Sheet Pan Salmon with Buttered Leeks and Peas
Serves 4
This is an easy weeknight meal. It makes the most of fresh wild salmon by keeping the preparation simple so the fish remains at its best and really shines through.
Ingredients
- 2 leeks (white and light green parts only, split lengthwise, cut into 1/2-inch pieces (See Cook's Tip))
- 4 cloves garlic (smashed)
- 6 tablespoons unsalted butter (cut into 12 pieces)
- Kosher salt (to taste)
- Pepper (to taste)
- 1 1/2 pounds salmon (cut into 4 pieces, pin bones removed)
- 12 ounces frozen peas
- 1 cup vegetable stock
SAUCE INGREDIENTS
- 1 lemon (zested and juiced)
- 2 cloves garlic (minced)
- 1 bunch flat-leaf parsley (leaves picked and chopped)
- 4 tablespoons capers (rinsed and chopped)
- 1/2 cup extra virgin olive oil
- Kosher salt (to taste)
- Pepper (to taste)
Directions
- Preheat oven to 425°F.
- Place leeks and smashed garlic cloves on rimmed sheet pan. Dot with butter and season lightly with salt and pepper. Bake 10 minutes until butter has melted and leeks begin to soften.
- While leeks are baking, season salmon pieces with salt and pepper.
- Remove pan from oven and add peas. Stir to coat everything with melted butter. Nestle salmon pieces, skin-side down, among veggies.
- Pour stock over everything and carefully transfer pan back to oven.

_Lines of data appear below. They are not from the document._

Lemma Lschur_factor m : (m < N)%N -> exists Z : 'M[C]_(bs q m.+1, q),
  [/\ hcol m = Hank s m *m Z, hrow m = ctr Z *m Hank s m
    & Lschur s m.+1 = s (m.+1).*2 - hrow m *m Z].
Proof.
move=> mN; have [Z HZ] := hcol_range mN; exists Z.
have [HXH _ _ _] := mpinvP (Hank s m).
have RZ : hrow m = ctr Z *m Hank s m.
  by rewrite -ctr_hcol // HZ ctrM (Hank_herm psdH) // ltnW.
split => //; rewrite LschurS HZ {1}RZ !mulmxA.
by rewrite -(mulmxA (ctr Z) (Hank s m)) -(mulmxA (ctr Z)) HXH -RZ.
Qed.

Lemma Lschur_herm j : (j <= N)%N -> ctr (Lschur s j) = Lschur s j.
Proof.
case: j => [|m] jN; first exact: (psd_Hank_herm psdH).
have [Z [HZ RZ ->]] := Lschur_factor jN.
rewrite ctrB ctrM (psd_Hank_herm psdH); last by lia.
by rewrite -[in ctr (hrow m)](ctr_hcol jN) ctrK HZ mulmxA -RZ.
Qed.

Lemma Lschur_ker_last j f : (j <= N)%N ->
  (forall a, (a <= j)%N -> hmul s j f a = 0) -> Lschur s j *m f j = 0.
Proof.
case: j => [|m] jN Hf; first by have := Hf 0%N isT; rewrite /hmul big_nat1.
have [Z [HZ RZ ->]] := Lschur_factor jN.
set z := bvec m f; set u := f m.+1.
have Yu : hcol m *m u = - (Hank s m *m z).
  apply/eqP; rewrite -addr_eq0; apply/eqP.
  rewrite /z Hank_bvec hcol_mul -bvecD -(bvec0 C q m); apply: eq_bvec => a am.
  by have := Hf a (leqW am); rewrite hmulSn addnC addrC.
have Ru : hrow m *m z + s (m.+1).*2 *m u = 0.
  by have := Hf m.+1 (leqnn _); rewrite hmulSn -addnn /z hrow_bvec.
rewrite mulmxBl RZ -!mulmxA (mulmxA (Hank s m)) -HZ Yu mulmxN mulmxA -RZ opprK.
by rewrite addrC.
Qed.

- Bake 8 to 12 minutes or until salmon has cooked to desired temperature. An internal temperature of 125°F is perfect for medium-rare salmon. (see cook's tip)

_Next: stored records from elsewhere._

Lemma rtrans_factors g rg lg :
  (forall c, (c.2 < m)%N -> elt c * g = elt (rg c)) ->
  (forall c, (c.2 < m)%N -> ((rg c).2 < m)%N) ->
  (forall l, label_ok s l -> label_ok s (lg l)) ->
  (forall l c, label_ok s l -> (c.2 < m)%N -> mate s (lg l) (rg c) = rg (mate s l c)) ->
  forall M, M \in factors -> rtrans M g \in factors.
Proof.
move=> elt_g rg_lt lg_ok mate_g _ /imsetP [l lV ->].
have lok : label_ok s (unord l) by rewrite inE in lV.
have [l' l'V El'] := unord_onto (lg_ok _ lok).
apply/imsetP; exists l' => //; apply: rtrans_factor => x.
rewrite /mate_elt -{1}(coordK x) elt_g ?coord_lt // eltK ?rg_lt ?coord_lt //.
by rewrite El' mate_g ?coord_lt // elt_g // mate_lt ?coord_lt.
Qed.

Lemma factors_regular : G_regular factors.
Proof.
apply: (G_regular_gen gen_ab) => M g MF; rewrite !inE => /orP [] /eqP -> {g}.
  apply: rtrans_factors MF;
    [exact: elt_rmul_a | exact: rmul_a_lt | exact: label_rmul_a_ok | exact: mate_rmul_a].
apply: rtrans_factors MF;
  [exact: elt_rmul_b | exact: rmul_b_lt | exact: label_rmul_b_ok | exact: mate_rmul_b].
Qed.

Definition parent_elt eps (x : gT) : gT := elt (parent s eps (coord x)).
Definition base_tree eps : {set {set gT}} := parent_tree 1 (parent_elt eps).
Definition tree (k : 'I_m) : {set {set gT}} := rtrans (base_tree (s <= k)%N) (a ^+ k).

Lemma depth_parent_elt eps v : v != 1 ->
  (depth s eps (coord (parent_elt eps v)) < depth s eps (coord v))%N.
Proof.
move=> v1; rewrite /parent_elt eltK ?parent_lt ?coord_lt //.
apply: (depth_parent s_ge2 _ (coord_lt v)) => E.
by move: v1; rewrite -(coordK v) E /elt /= !expg0 mulg1 eqxx.
Qed.

Lemma tree_spanning k : spanning_tree (tree k).
Proof. exact: rtrans_parent_tree_spanning (depth_parent_elt _). Qed.

Lemma card_tree k : #|tree k| = (4 * s).-1.
Proof. by rewrite card_rtrans (card_parent_tree (depth_parent_elt _)) card_gT. Qed.

Lemma base_tree_meet eps M : M \in factors -> base_tree eps :&: M != set0.
Proof.
case/imsetP => l lV ->; have lok : label_ok s (unord l) by rewrite inE in lV.
pose v := elt (rainbow_vertex s eps (unord l)).
have cv : coord v = rainbow_vertex s eps (unord l) by rewrite eltK ?rainbow_vertex_lt.
apply/set0Pn; exists [set v; mate_elt l v]; rewrite inE factor_edge andbT.
apply/imsetP; exists v.
  by rewrite !inE -(inj_eq coord_inj) cv coord1; apply/eqP/rainbow_vertex_neq_root.
by rewrite /parent_elt /mate_elt cv mate_rainbow_vertex.
Qed.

- While salmon is baking, make sauce. In a small bowl, mix together lemon juice, lemon zest, and minced garlic. Stir in parsley, capers, and olive oil. Season with salt and pepper, to taste.
- To serve, remove cooked salmon from sheet pan and set on warm plates. Give the leek and pea mixture a final stir. Season with salt and pepper, if needed. Spoon mixture next to salmon. Top everything with sauce.
Cook Tips
Leeks sometimes grow with sand between their layers. The best way to wash them is to split the leek in half lengthwise. Rinse each half while fanning the layers under the water, allowing dirt and sand to be washed away. Proceed with chopping or slicing.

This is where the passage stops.